** Opening MATERIAL SHOWN block **

(* Let $n,m_A,m_B>0$ be integers, $A,B$ quantum systems of dimensions $m_A,m_B$, and $\psi_{AB}$ a bipartite state with $\psi_A=\mathrm{id}_{m_A}/m_A$ and $\psi_B=\mathrm{id}_{m_B}/m_B$. Let $\mathcal{T}:\mathcal{M}(B^n)\to\mathcal{M}(A^n)$ be the Markov super-operator with respect to $\psi_{AB}^{\otimes n}$. Then for every $Q\in\mathcal{M}(B^n)$ and every $S\subseteq[n]$, $\mathcal{T}(Q[S])=\mathcal{T}(Q)[S]$.
   Context: A standard orthonormal basis of $\mathcal{M}_k$ (complex $k\times k$ matrices with inner product $\langle X,Y\rangle=\frac1k\mathrm{Tr}X^\dagger Y$) is an orthonormal basis $\{\mathcal{B}_0,\ldots,\mathcal{B}_{k^2-1}\}$ of Hermitian matrices with $\mathcal{B}_0=\mathrm{id}_k$. For $\sigma\in\{0,\ldots,k^2-1\}^n$ put $\mathcal{B}_\sigma=\mathcal{B}_{\sigma_1}\otimes\cdots\otimes\mathcal{B}_{\sigma_n}$; every $X\in\mathcal{M}_k^{\otimes n}$ has a unique expansion $X=\sum_\sigma\widehat X(\sigma)\mathcal{B}_\sigma$. The Efron–Stein component is $X[S]=\sum_{\sigma:\{i:\sigma_i\neq0\}=S}\widehat X(\sigma)\mathcal{B}_\sigma$; it does not depend on the choice of standard orthonormal basis. On $A^n$ and $B^n$ the inner products are $\langle X,Y\rangle=\frac1{m_A^n}\mathrm{Tr}X^\dagger Y$ and $\frac1{m_B^n}\mathrm{Tr}X^\dagger Y$ respectively. The Markov super-operator with respect to $\psi_{AB}^{\otimes n}$ is the map $\mathcal{T}:\mathcal{M}(B^n)\to\mathcal{M}(A^n)$ with $\mathrm{Tr}((M^\dagger\otimes Q)\psi_{AB}^{\otimes n})=\langle M,\mathcal{T}(Q)\rangle$ for all $M\in\mathcal{M}(A^n)$, $Q\in\mathcal{M}(B^n)$. *)

From HB Require Import structures.
From mathcomp Require Import all_boot all_order all_algebra.
From mathcomp Require Import complex Rstruct.

Set Implicit Arguments.
Unset Strict Implicit.
Unset Printing Implicit Defensive.
Import Order.TTheory GRing.Theory Num.Theory.
Local Open Scope ring_scope.

Definition CC : numClosedFieldType := Rdefinitions.R[i].

Section Ops.
Variable C : numClosedFieldType.

Definition Op (I : finType) := I -> I -> C.

Definition op_id (I : finType) : Op I := fun i j => (i == j)%:R.
Definition op_adj (I : finType) (X : Op I) : Op I := fun i j => (X j i)^*.
Definition op_mul (I : finType) (X Y : Op I) : Op I :=
  fun i j => \sum_(k : I) X i k * Y k j.
Definition op_tr (I : finType) (X : Op I) : C := \sum_(i : I) X i i.
Definition op_kron (I J : finType) (X : Op I) (Y : Op J) : Op (I * J)%type :=
  fun p q => X p.1 q.1 * Y p.2 q.2.

Definition hermitian (I : finType) (X : Op I) := forall i j, X j i = (X i j)^*.
Definition psd (I : finType) (X : Op I) :=
  hermitian X /\ forall v : I -> C, 0 <= \sum_(i : I) \sum_(j : I) (v i)^* * X i j * v j.
Definition is_state (I : finType) (X : Op I) := psd X /\ op_tr X = 1.

Definition marg_A (I J : finType) (psi : Op (I * J)%type) : Op I :=
  fun a a' => \sum_(b : J) psi (a, b) (a', b).
Definition marg_B (I J : finType) (psi : Op (I * J)%type) : Op J :=
  fun b b' => \sum_(a : I) psi (a, b) (a, b').

Definition hs_ip (I : finType) (X Y : Op I) : C :=
  (#|I|%:R)^-1 * op_tr (op_mul (op_adj X) Y).

(* index set of the n-fold system with local dimension m: (C^m)^{(x) n} *)
Definition Idx (m n : nat) := {ffun 'I_n -> 'I_m}.

Definition std_onb (k : nat) (Bs : 'I_(k ^ 2) -> Op 'I_k) :=
  [/\ forall p, hermitian (Bs p),
      forall p q, hs_ip (Bs p) (Bs q) = (p == q)%:R &
      forall p : 'I_(k ^ 2), val p = 0%N -> Bs p = @op_id _].

Definition basis_tensor (k n : nat) (Bs : 'I_(k ^ 2) -> Op 'I_k)
  (sigma : {ffun 'I_n -> 'I_(k ^ 2)}) : Op (Idx k n) :=
  fun i j => \prod_(t < n) Bs (sigma t) (i t) (j t).

Definition supp (k n : nat) (sigma : {ffun 'I_n -> 'I_(k ^ 2)}) : {set 'I_n} :=
  [set t | val (sigma t) != 0%N].

Definition is_expansion (k n : nat) (Bs : 'I_(k ^ 2) -> Op 'I_k) (X : Op (Idx k n))
  (c : {ffun 'I_n -> 'I_(k ^ 2)} -> C) :=
  forall i j, X i j = \sum_(sigma : {ffun 'I_n -> 'I_(k ^ 2)}) c sigma * basis_tensor Bs sigma i j.

Definition es_comp (k n : nat) (Bs : 'I_(k ^ 2) -> Op 'I_k)
  (c : {ffun 'I_n -> 'I_(k ^ 2)} -> C) (S : {set 'I_n}) : Op (Idx k n) :=
  fun i j => \sum_(sigma : {ffun 'I_n -> 'I_(k ^ 2)} | supp sigma == S)
               c sigma * basis_tensor Bs sigma i j.

(* psi^{(x) n}, viewed (after the canonical reordering (AB)^n ~ A^n B^n)
   as an operator on C^(A^n) (x) C^(B^n) *)
Definition state_pow (mA mB n : nat) (psi : Op ('I_mA * 'I_mB)%type) :
  Op (Idx mA n * Idx mB n)%type :=
  fun p q => \prod_(t < n) psi (p.1 t, p.2 t) (q.1 t, q.2 t).

Definition is_markov (mA mB n : nat) (psi : Op ('I_mA * 'I_mB)%type)
  (T : Op (Idx mB n) -> Op (Idx mA n)) :=
  forall (M : Op (Idx mA n)) (Q : Op (Idx mB n)),
    op_tr (op_mul (op_kron (op_adj M) Q) (@state_pow mA mB n psi)) = hs_ip M (T Q).

End Ops.

From HB Require Import structures.
From mathcomp Require Import all_boot all_order all_algebra.
From mathcomp Require Import complex Rstruct.
From mathcomp Require Import ring.
From Stdlib Require Import FunctionalExtensionality.
Import GRing.Theory Num.Theory.
Local Open Scope ring_scope.

(* Write corr(M, Q) = Tr((M^dagger (x) Q) psi^{(x) n}), so that <M, T Q> = corr(M, Q).
   On tensor basis elements corr factorises into single-site factors
   corr(B_p, B_q); because both marginals of psi are maximally mixed, a factor
   with exactly one of p, q equal to 0 is <B_p, id> or <id, B_q>, hence 0.  So
   corr(B_s, B_u) = 0 unless supp s = supp u, and the coefficient
   <B_s, T(Q[S])> = corr(B_s, Q[S]) equals <B_s, T Q> if supp s = S and 0
   otherwise, i.e. the coefficient of (T Q)[S].  Finally, k^2 orthonormal
   matrices of M_k form a basis, so their tensor products do too and the
   coefficients determine the operator. *)

Set Implicit Arguments.
Unset Strict Implicit.
Unset Printing Implicit Defensive.

Section Operators.
Variable C : numClosedFieldType.

Lemma sum_mul_delta (I : finType) (F : I -> C) i :
  \sum_k F k * (k == i)%:R = F i.
Proof.
rewrite (bigD1 i) //= eqxx mulr1 big1 ?addr0 // => k /negbTE->.
exact: mulr0.
Qed.

Lemma sum_pair (I J : finType) (F : I * J -> C) :
  \sum_p F p = \sum_i \sum_j F (i, j).
Proof. by rewrite pair_bigA; apply: eq_bigr => -[]. Qed.

Lemma sum2_linear (I J K : finType) (w x : I -> J -> C) (c : K -> C)
    (z : K -> I -> J -> C) :
  (forall i j, x i j = \sum_s c s * z s i j) ->
  \sum_i \sum_j w i j * x i j = \sum_s c s * \sum_i \sum_j w i j * z s i j.
Proof.
move=> ex; under eq_bigr do under eq_bigr do rewrite ex mulr_sumr.
under eq_bigr do rewrite exchange_big /=; rewrite exchange_big /=.
apply: eq_bigr => s _; rewrite mulr_sumr; apply: eq_bigr => i _.
by rewrite mulr_sumr; apply: eq_bigr => j _; rewrite mulrCA.
Qed.

Lemma sum_ffun2_prod (I J K : finType) (F : I -> J -> K -> C) :
  \sum_(f : {ffun I -> J}) \sum_(g : {ffun I -> K}) \prod_i F i (f i) (g i) =
  \prod_i \sum_j \sum_k F i j k.
Proof.
rewrite bigA_distr_bigA; apply: eq_bigr => f _.
by rewrite bigA_distr_bigA.
Qed.

Lemma prod_eq_ffun (I J : finType) (x y : {ffun I -> J}) :
  \prod_t ((x t == y t)%:R : C) = (x == y)%:R.
Proof.
case: (boolP [forall t, x t == y t]) => [/eqfunP/ffunP-> | /forallPn[t ne]].
  by rewrite eqxx big1 // => t _; rewrite eqxx.
rewrite (bigD1 t) //= (negbTE ne) mul0r; case: eqP => // exy.
by rewrite exy eqxx in ne.
Qed.

Definition hs_orthonormal (K I : finType) (Z : K -> Op C I) :=
  forall s s', hs_ip (Z s) (Z s') = (s == s')%:R.

Definition hs_complete (K I : finType) (Z : K -> Op C I) :=
  forall i j i' j',
    \sum_s (Z s i j)^* * Z s i' j' = #|I|%:R * (i == i')%:R * (j == j')%:R.

Lemma hs_ipE (I : finType) (X Y : Op C I) :
  hs_ip X Y = #|I|%:R^-1 * \sum_i \sum_k (X k i)^* * Y k i.
Proof. by []. Qed.

Lemma hs_ip_sumr (I K : finType) (M X : Op C I) (c : K -> C) (Z : K -> Op C I) :
  (forall i j, X i j = \sum_s c s * Z s i j) ->
  hs_ip M X = \sum_s c s * hs_ip M (Z s).
Proof.
move=> eX; rewrite hs_ipE (sum2_linear _ (fun i k => eX k i)) mulr_sumr.
by apply: eq_bigr => s _; rewrite mulrCA.
Qed.

Lemma hs_ip_orthonormal_coef (K I : finType) (Z : K -> Op C I) (X : Op C I)
    (c : K -> C) s :
  hs_orthonormal Z -> (forall i j, X i j = \sum_s c s * Z s i j) ->
  hs_ip (Z s) X = c s.
Proof.
move=> ortZ eX; rewrite (hs_ip_sumr _ eX) (bigD1 s) //= ortZ eqxx mulr1.
by rewrite big1 ?addr0 // => s' ne; rewrite ortZ eq_sym (negbTE ne) mulr0.
Qed.

Lemma hs_complete_expansion (K I : finType) (Z : K -> Op C I) (X : Op C I) i j :
  hs_complete Z -> X i j = \sum_s hs_ip (Z s) X * Z s i j.
Proof.
move=> cZ; have N0 : #|I|%:R != 0 :> C.
  by rewrite pnatr_eq0 -lt0n; apply/card_gt0P; exists i.
transitivity (#|I|%:R^-1 *
    \sum_a \sum_b #|I|%:R * X b a * (a == j)%:R * (b == i)%:R).
  under eq_bigr do rewrite sum_mul_delta.
  by rewrite sum_mul_delta mulKf.
transitivity (#|I|%:R^-1 *
    \sum_a \sum_b X b a * \sum_s (Z s b a)^* * Z s i j).
  by congr (_ * _); apply: eq_bigr => a _; apply: eq_bigr => b _; rewrite cZ; ring.
under eq_bigr do under eq_bigr do rewrite mulr_sumr.
under eq_bigr do rewrite exchange_big /=; rewrite exchange_big mulr_sumr /=.
apply: eq_bigr => s _; rewrite hs_ipE -mulrA mulr_suml; congr (_ * _).
by apply: eq_bigr => a _; rewrite mulr_suml; apply: eq_bigr => b _; ring.
Qed.

Lemma hs_complete_eq (K I : finType) (Z : K -> Op C I) (X Y : Op C I) :
  hs_complete Z -> (forall s, hs_ip (Z s) X = hs_ip (Z s) Y) -> X = Y.
Proof.
move=> cZ eXY; apply: functional_extensionality => i.
apply: functional_extensionality => j.
rewrite (hs_complete_expansion X i j cZ) (hs_complete_expansion Y i j cZ).
by apply: eq_bigr => s _; rewrite eXY.
Qed.

Lemma eq_mxvec_index k (a b a' b' : 'I_k) :
  (mxvec_index a b == mxvec_index a' b') = (a == a') && (b == b').
Proof.
have inj := bij_inj (onT_bij (curry_mxvec_bij k k)).
by rewrite -[LHS]/(uncurry _ (a, b) == uncurry _ (a', b')) (inj_eq inj).
Qed.

Lemma hs_orthonormal_complete k (Bs : 'I_(k ^ 2) -> Op C 'I_k) :
  hs_orthonormal Bs -> hs_complete Bs.
Proof.
(* The rows of A are the vectorised B_p, so orthonormality reads A A' = 1;
   for square matrices this gives A' A = 1, which is completeness. *)
move=> ortB a b a' b'; rewrite card_ord.
have k0 : k%:R != 0 :> C by rewrite pnatr_eq0 -lt0n (leq_ltn_trans _ (ltn_ord a)).
pose A : 'M[C]_(k * k) := \matrix_(p, c) mxvec (\matrix_(i, j) Bs p i j) 0 c.
have AE p i j : A p (mxvec_index i j) = Bs p i j by rewrite !mxE mxvecE mxE.
pose A' : 'M[C]_(k * k) := k%:R^-1 *: (map_mx Num.conj A)^T.
have AA' : A *m A' = 1%:M.
  apply/matrixP => p q; rewrite !mxE eq_sym -(ortB q p) hs_ipE card_ord.
  rewrite [in RHS]exchange_big (reindex _ (curry_mxvec_bij k k)) /=.
  rewrite pair_bigA /= mulr_sumr; apply: eq_bigr => -[i j] _ /=.
  by rewrite (AE p i j) !mxE mxvecE mxE mulrCA [Bs p i j * _]mulrC.
have /matrixP/(_ (mxvec_index a b) (mxvec_index a' b')) := mulmx1C AA'.
rewrite !mxE eq_mxvec_index -mulnb natrM.
under eq_bigr => p _ do rewrite (AE p a' b') !mxE mxvecE mxE -mulrA.
by rewrite -mulr_sumr -mulrA => <-; rewrite mulVKf.
Qed.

** Closing MATERIAL SHOWN block **

▶ WORK TO BE COMPLETED
When you find a line in the records that contains the word "supp", copy it.

▶ EXERCISE OUTPUT
Definition supp (k n : nat) (sigma : {ffun 'I_n -> 'I_(k ^ 2)}) : {set 'I_n} :=
  fun i j => \sum_(sigma : {ffun 'I_n -> 'I_(k ^ 2)} | supp sigma == S)
   corr(B_s, B_u) = 0 unless supp s = supp u, and the coefficient
   <B_s, T(Q[S])> = corr(B_s, Q[S]) equals <B_s, T Q> if supp s = S and 0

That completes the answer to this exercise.